Synthetic cathinones, also known as “bath salts,” cause psychoactive effects similar to amphetamine and cocaine, including euphoria and increased energy. Certain synthetic cathinones, however, cause more pronounced side effects, such as delirium and increased heart rate. While researchers understand that synthetic cathinones, amphetamines and cocaine work predominantly by binding to proteins that lead to increased dopamine and norepinephrine, scientists have yet to understand how some synthetic cathinones cause more pronounced adverse effects.
One research team in Mercer’s College of Pharmacy recently discovered other targets that certain synthetic cathinones bind to, and this activity might explain their unique adverse effects. Dr. Clinton Canal, assistant professor of pharmaceutical sciences, and Ph.D. candidate Yiming Chen examined the interaction between synthetic cathinones and muscarinic acetylcholine receptors, an important class of proteins that regulate cognition, memory, and heart rate. They found that some synthetic cathinones blocked two types of muscarinic acetylcholine receptors, called M1 and M2 receptors, commonly found in the autonomic and central nervous systems. This finding provides a possible explanation for the adverse psychological and cardiovascular effects caused when synthetic cathinones enter the body.

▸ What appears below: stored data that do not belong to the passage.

(* Let $X$ be an infinite first-countable compact Hausdorff space. Then $X$ is a $\Delta$-space if and only if $X$ is countable.
   Context: A topological space $X$ is a $\Delta$-space if for every decreasing sequence $\{D_n:n\in\omega\}$ of subsets of $X$ with $\bigcap_n D_n=\emptyset$ there is a decreasing sequence $\{V_n:n\in\omega\}$ of open subsets of $X$ with $D_n\subseteq V_n$ for all $n$ and $\bigcap_n V_n=\emptyset$. *)

From HB Require Import structures.
From mathcomp Require Import all_boot all_order all_algebra.
From mathcomp Require Import all_classical all_reals all_analysis.
Set Implicit Arguments. Unset Strict Implicit. Unset Printing Implicit Defensive.
Local Open Scope classical_set_scope.

Definition first_countable (X : topologicalType) : Prop :=
  forall x : X, exists B : nat -> set X,
    (forall n, nbhs x (B n)) /\
    (forall U, nbhs x U -> exists n, B n `<=` U).

Definition delta_space (X : topologicalType) : Prop :=
  forall D : nat -> set X,
    (forall n, D n.+1 `<=` D n) ->
    \bigcap_n D n = set0 ->
    exists V : nat -> set X,
      (forall n, open (V n)) /\
      (forall n, V n.+1 `<=` V n) /\
      (forall n, D n `<=` V n) /\
      \bigcap_n V n = set0.

From HB Require Import structures.
From mathcomp Require Import all_boot all_order all_algebra.
From mathcomp Require Import all_classical all_reals all_analysis.
Local Open Scope classical_set_scope.

(* Countable => Delta holds in every T1 space: enumerate X injectively by f
   and let V_n be the complement of the finite (hence closed) set of points
   x with f x < n that lie outside D_n.

   Delta => countable goes by contradiction.  If X is uncountable, its
   condensation points (points all of whose neighbourhoods are uncountable)
   exist by compactness and, by first countability and regularity, form a
   set in which no point is isolated.  Following basic neighbourhoods
   produces a countable nonempty subset A with no isolated points.
   Enumerating A, the tails D_n of A have empty intersection, while any open
   V_n containing D_n meets every open set that meets A; a nested-closure
   (Baire-type) argument in the compact regular space X then produces a
   point in every V_n, so X is not a Delta-space. *)

Lemma subset_countable T (A B : set T) : A `<=` B -> countable B -> countable A.
Proof. by move=> AB; apply/sub_countable/subset_card_le. Qed.

Lemma countable_setU T (A B : set T) :
  countable A -> countable B -> countable (A `|` B).
Proof.
by move=> cA cB; rewrite -bigcup2E; apply: bigcup_countable => [|[|[|n]] _] //=.
Qed.

Lemma nonincreasing_setP {T} {E : nat -> set T} :
  (forall n, E n.+1 `<=` E n) -> forall m n, (m <= n)%N -> E n `<=` E m.
Proof.
move=> E_dec m n /subnK <-; elim: (n - m)%N => // k IH.
by rewrite addSn; apply: subset_trans IH.
Qed.

Lemma countable_delta_space (X : topologicalType) :
  accessible_space X -> countable [set: X] -> delta_space X.
Proof.
move=> T1X /countable_injP[f /(_ _ _ (mem_set I) (mem_set I)) finj] D D_dec D0.
pose E n := [set x | (f x < n)%N /\ ~ D n x].
have E_closed n : closed (E n).
  apply: (accessible_finite_set_closed.1 T1X); apply/finite_set_leP.
  by exists n; apply/pcard_leP/injfunPex; exists f => [x [] |x y _ _ /finj].
have notD_mono m n x : (m <= n)%N -> ~ D m x -> ~ D n x.
  by move=> mn nDmx /(nonincreasing_setP D_dec _ _ mn).
exists (fun n => ~` E n); split; [|split; [|split]].
- by move=> n; rewrite openC.
- by move=> n x + [fxn nDx]; apply; split; [exact: ltnW | exact: notD_mono nDx].
- by move=> n x Dx [].
apply/seteqP; split => // x Vx.
have [m nDmx] : exists m, ~ D m x.
  apply: contrapT => /forallNP Dx; suff : (\bigcap_n D n) x by rewrite D0.
  by move=> k _; apply: contrapT; exact: Dx.
apply: (Vx (maxn m (f x).+1) I); split; first by rewrite leq_max leqnn orbT.
by apply: notD_mono nDmx; rewrite leq_maxl.
Qed.

Definition dense_in_itself {X : topologicalType} (A : set X) : Prop :=
  forall a U, A a -> nbhs a U -> exists b, [/\ A b, U b & b <> a].

Lemma dense_in_itself_unbounded {X : topologicalType} {A : set X} {f : X -> nat} :
  accessible_space X -> dense_in_itself A -> {in A &, injective f} ->
  forall n U, open U -> U `&` A !=set0 -> exists b, [/\ U b, A b & (n <= f b)%N].
Proof.
move=> T1X A_dense finj; elim=> [|n IH] U U_open UA0.
  by have [a [Ua Aa]] := UA0; exists a.
have [b [Ub Ab]] := IH U U_open UA0.
rewrite leq_eqVlt => /orP[/eqP fb|ltnb]; last by exists b.
have [b' [Ab' Ub' b'b]] := A_dense b U Ab (open_nbhs_nbhs (conj U_open Ub)).
have [W [W_open b'W bW]] := T1X b' b (introN eqP b'b).
rewrite !inE in b'W bW.
have UWA0 : U `&` W `&` A !=set0 by exists b'.
have [c [[Uc Wc] Ac]] := IH (U `&` W) (openI U_open W_open) UWA0.
rewrite leq_eqVlt => /orP[/eqP fc|ltnc]; last by exists c.
by case: bW; rewrite (finj b c) ?inE // -fb.
Qed.

(* In a first-countable space, every point of a set without isolated points
   lies in a countable subset without isolated points: close it up under a
   choice of nearby points in each basic neighbourhood. *)
Lemma countable_dense_in_itself_subset {X : topologicalType} {C : set X} {c : X} :
  first_countable X -> dense_in_itself C -> C c ->
  exists A, [/\ countable A, A c & dense_in_itself A].
Proof.
move=> X_fc C_dense Cc; have [B B_base] := choice X_fc.
have /choice[y y_spec] : forall xn : X * nat, exists y,
    C xn.1 -> [/\ C y, B xn.1 xn.2 y & y <> xn.1].
  case=> x n /=; have [Cx|] := pselect (C x); last by exists x.
  by have [z Cz] := C_dense x _ Cx ((B_base x).1 n); exists z.
pose h (s : seq nat) := foldr (fun n x => y (x, n)) c s.
have Ch s : C (h s) by elim: s => //= n s IH; have [] := y_spec (h s, n) IH.
exists (range h); split.
- exact: sub_countable (card_image_le _ _) (countableP _).
- by exists [::].
move=> _ U [s _ <-] hsU; have [n BU] := (B_base (h s)).2 U hsU.
have [_ Bhns hns] := y_spec (h s, n) (Ch s).
by exists (h (n :: s)); split; [exists (n :: s) | exact: BU Bhns |].
Qed.

Definition condensation_point {X : topologicalType} (K : set X) (p : X) : Prop :=
  forall B, nbhs p B -> ~ countable (K `&` B).

Section CompactSpace.
Variable X : topologicalType.
Hypothesis X_compact : compact [set: X].
Hypothesis X_hausdorff : hausdorff_space X.

Lemma compact_nested_closure (U : nat -> set X) :
  (forall n, U n.+1 `<=` U n) -> (forall n, U n !=set0) ->
  exists p, forall n, closure (U n) p.
Proof.
move=> U_dec U_neq0; pose F := filter_from [set: nat] U.
have F_proper : ProperFilter F.
  apply: filter_from_proper => [|n _]; last exact: U_neq0.
  apply: filter_from_filter => [|m n _ _]; first by exists 0%N.
  by exists (maxn m n) => //; rewrite subsetI;
    split; apply: nonincreasing_setP; rewrite ?leq_maxl ?leq_maxr.
have [p [_ Fp]] := X_compact F F_proper (@filterT _ F F_proper).
by exists p => n B pB; apply: Fp pB; exists n.
Qed.

(* Every uncountable closed set contains one of its condensation points:
   apply compactness to the filter of sets with countable complement in K. *)
Lemma exists_condensation_point {K : set X} :
  closed K -> ~ countable K -> exists2 p, K p & condensation_point K p.
Proof.
move=> K_closed K_uncountable; pose F A := countable (K `\` A).
have F_proper : ProperFilter F.
  constructor; first by rewrite /F setD0.
  constructor; first by rewrite /F setDT; exact: countable0.
  - by move=> A B FA FB; rewrite /F setDIr; exact: countable_setU.
  - by move=> A B AB; apply: subset_countable => x [Kx nAx]; split => // /AB.
have [p [_ Fp]] := X_compact F F_proper (@filterT _ F F_proper).
have Kp : K p.
  by apply: K_closed => B pB; apply: Fp pB; rewrite /F setDv; exact: countable0.
exists p => // B pB KB_countable.
have FKB : F (K `\` B).
  apply: subset_countable KB_countable => x [Kx nKnBx].
  by split => //; apply: contrapT => nBx; exact: nKnBx.
by have [x [[_ nBx] Bx]] := Fp _ _ FKB pB.
Qed.

Lemma open_closure_shrink {x : X} {U : set X} :
  nbhs x U -> exists W, [/\ open W, W x & closure W `<=` U].
Proof.
move=> xU; have [W xW WU] :=
  @compact_regular X x setT X_hausdorff X_compact filterT U xU.
exists (interior W); split => //; first exact: open_interior.
exact: subset_trans (closureS (@interior_subset _ W)) WU.
Qed.

(* Baire-type property: if each open V_n meets every open set meeting A
   (inside A), the V_n have a common point.  Build nested open sets U_n
   meeting A with closure U_{n+1} inside U_n and V_n. *)
Lemma compact_bigcap_open {A : set X} {V : nat -> set X} :
  A !=set0 -> (forall n, open (V n)) ->
  (forall n U, open U -> U `&` A !=set0 -> U `&` V n `&` A !=set0) ->
  \bigcap_n V n !=set0.
Proof.
move=> A_neq0 V_open V_dense; pose good U := open U /\ U `&` A !=set0.
have /choice[next next_spec] : forall nU : nat * set X, exists U',
    good nU.2 -> good U' /\ closure U' `<=` nU.2 `&` V nU.1.
  case=> n U /=; have [[U_open UA0]|] := pselect (good U); last by exists set0.
  have [a [[Ua Va] Aa]] := V_dense n U U_open UA0.
  have [W [W_open Wa WUV]] := open_closure_shrink
    (open_nbhs_nbhs (conj (openI U_open (V_open n)) (conj Ua Va))).
  by exists W => _; split => //; split => //; exists a.
pose fix U n := if n is m.+1 then next (m, U m) else setT.
have U_good n : good (U n).
  elim: n => [|n IH]; first by split; [exact: openT | rewrite setTI].
  exact: (next_spec (n, U n) IH).1.
have U_step n : closure (U n.+1) `<=` U n `&` V n.
  exact: (next_spec (n, U n) (U_good n)).2.
have [p Up] : exists p, forall n, closure (U n) p.
  apply: compact_nested_closure => [n x Ux|n].
    by have [] := U_step n x (subset_closure Ux).
  by have [_ [x [Ux _]]] := U_good n; exists x.
by exists p => n _; have [] := U_step n p (Up n.+1).
Qed.

(* In a first-countable compact Hausdorff space, condensation points have no
   isolated points: inside a closed neighbourhood K of x, some K minus a
   basic open neighbourhood of x is still uncountable, and a condensation
   point of it is a condensation point different from x. *)
Lemma condensation_points_dense_in_itself :
  first_countable X -> dense_in_itself (condensation_point [set: X]).
Proof.
move=> X_fc x U x_cond xU; have [B [Bx B_base]] := X_fc x.
have [W [W_open Wx WU]] := open_closure_shrink xU.
pose K := closure W; pose O n := interior (B n).
have K_cover : K `<=` \bigcup_(n in [set: nat]) (K `\` O n) `|` [set x].
  move=> y Ky; have [->|yx] := pselect (y = x); first by right.
  have [G [G_open Gx Gy]] :=
    hausdorff_accessible X_hausdorff (introN eqP (nesym yx)).
  rewrite !inE in Gx Gy.
  have [m BG] := B_base G (open_nbhs_nbhs (conj G_open Gx)).
  by left; exists m => //; split => // /interior_subset /BG.
have [n KOn_uncountable] : exists n, ~ countable (K `\` O n).
  apply: contrapT => /forallNP KO_countable; apply: (x_cond K).
    exact: filterS (@subset_closure _ W) (open_nbhs_nbhs (conj W_open Wx)).
  rewrite setTI; apply: subset_countable K_cover _.
  apply: countable_setU; last exact: countable1.
  by apply: bigcup_countable => // k _; exact: contrapT (KO_countable k).
have KOn_closed : closed (K `\` O n).
  by apply: closedI; [exact: closed_closure | exact/open_closedC/open_interior].
have [p [Kp nOp] p_cond] :=
  exists_condensation_point KOn_closed KOn_uncountable.
exists p; split.
- move=> C pC cC; apply: (p_cond C pC); apply: subset_countable cC.
  by move=> z [].
- exact: WU.
- by move=> px; apply: nOp; rewrite px; exact: Bx.
Qed.

(* A countable nonempty set without isolated points prevents X from being a
   Delta-space: the tails of an enumeration of A form the witness. *)
Lemma dense_in_itself_not_delta (A : set X) :
  countable A -> A !=set0 -> dense_in_itself A -> ~ delta_space X.
Proof.
move=> /countable_injP[f finj] A_neq0 A_dense X_delta.
pose D n := [set a | A a /\ (n <= f a)%N].
have D_dec n : D n.+1 `<=` D n by move=> a [Aa na]; split => //; exact: ltnW.
have D0 : \bigcap_n D n = set0.
  by apply/seteqP; split => // a /(_ (f a).+1 I) [_]; rewrite ltnn.
have [V [V_open [_ [DV V0]]]] := X_delta D D_dec D0.
have [p Vp] : \bigcap_n V n !=set0.
  apply: (compact_bigcap_open A_neq0 V_open) => n U U_open UA0.
  have [b [Ub Ab nb]] := dense_in_itself_unbounded
    (hausdorff_accessible X_hausdorff) A_dense finj n U U_open UA0.
  by exists b; split => //; split => //; exact: DV.
by rewrite V0 in Vp.
Qed.

Lemma delta_space_countable :
  first_countable X -> delta_space X -> countable [set: X].
Proof.
move=> X_fc X_delta; apply: contrapT => X_uncountable.
have [c _ c_cond] := exists_condensation_point closedT X_uncountable.
have [A [A_countable Ac A_dense]] := countable_dense_in_itself_subset X_fc
  (condensation_points_dense_in_itself X_fc) c_cond.
exact: dense_in_itself_not_delta A_countable (ex_intro _ c Ac) A_dense X_delta.
Qed.
End CompactSpace.

Theorem proposition3p5 (X : topologicalType) :
  infinite_set [set: X] ->
  first_countable X ->
  compact [set: X] ->
  hausdorff_space X ->
  (delta_space X <-> countable [set: X]).
Proof.
move=> _ X_fc X_compact X_hausdorff; split.
- exact: delta_space_countable.
- exact: countable_delta_space (hausdorff_accessible X_hausdorff).
Qed.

The study was rated on F1000 Prime, where thousands of experts across the world connect and highlight important emerging research, as “exceptional” and an “interesting hypothesis.”
The paper, “Structure–Activity Relationship Study of Psychostimulant Synthetic Cathinones Reveals Nanomolar Antagonist Potency of α-Pyrrolidinohexiophenone at Human Muscarinic M2 Receptors” was published in February in ACS Chemical Neuroscience.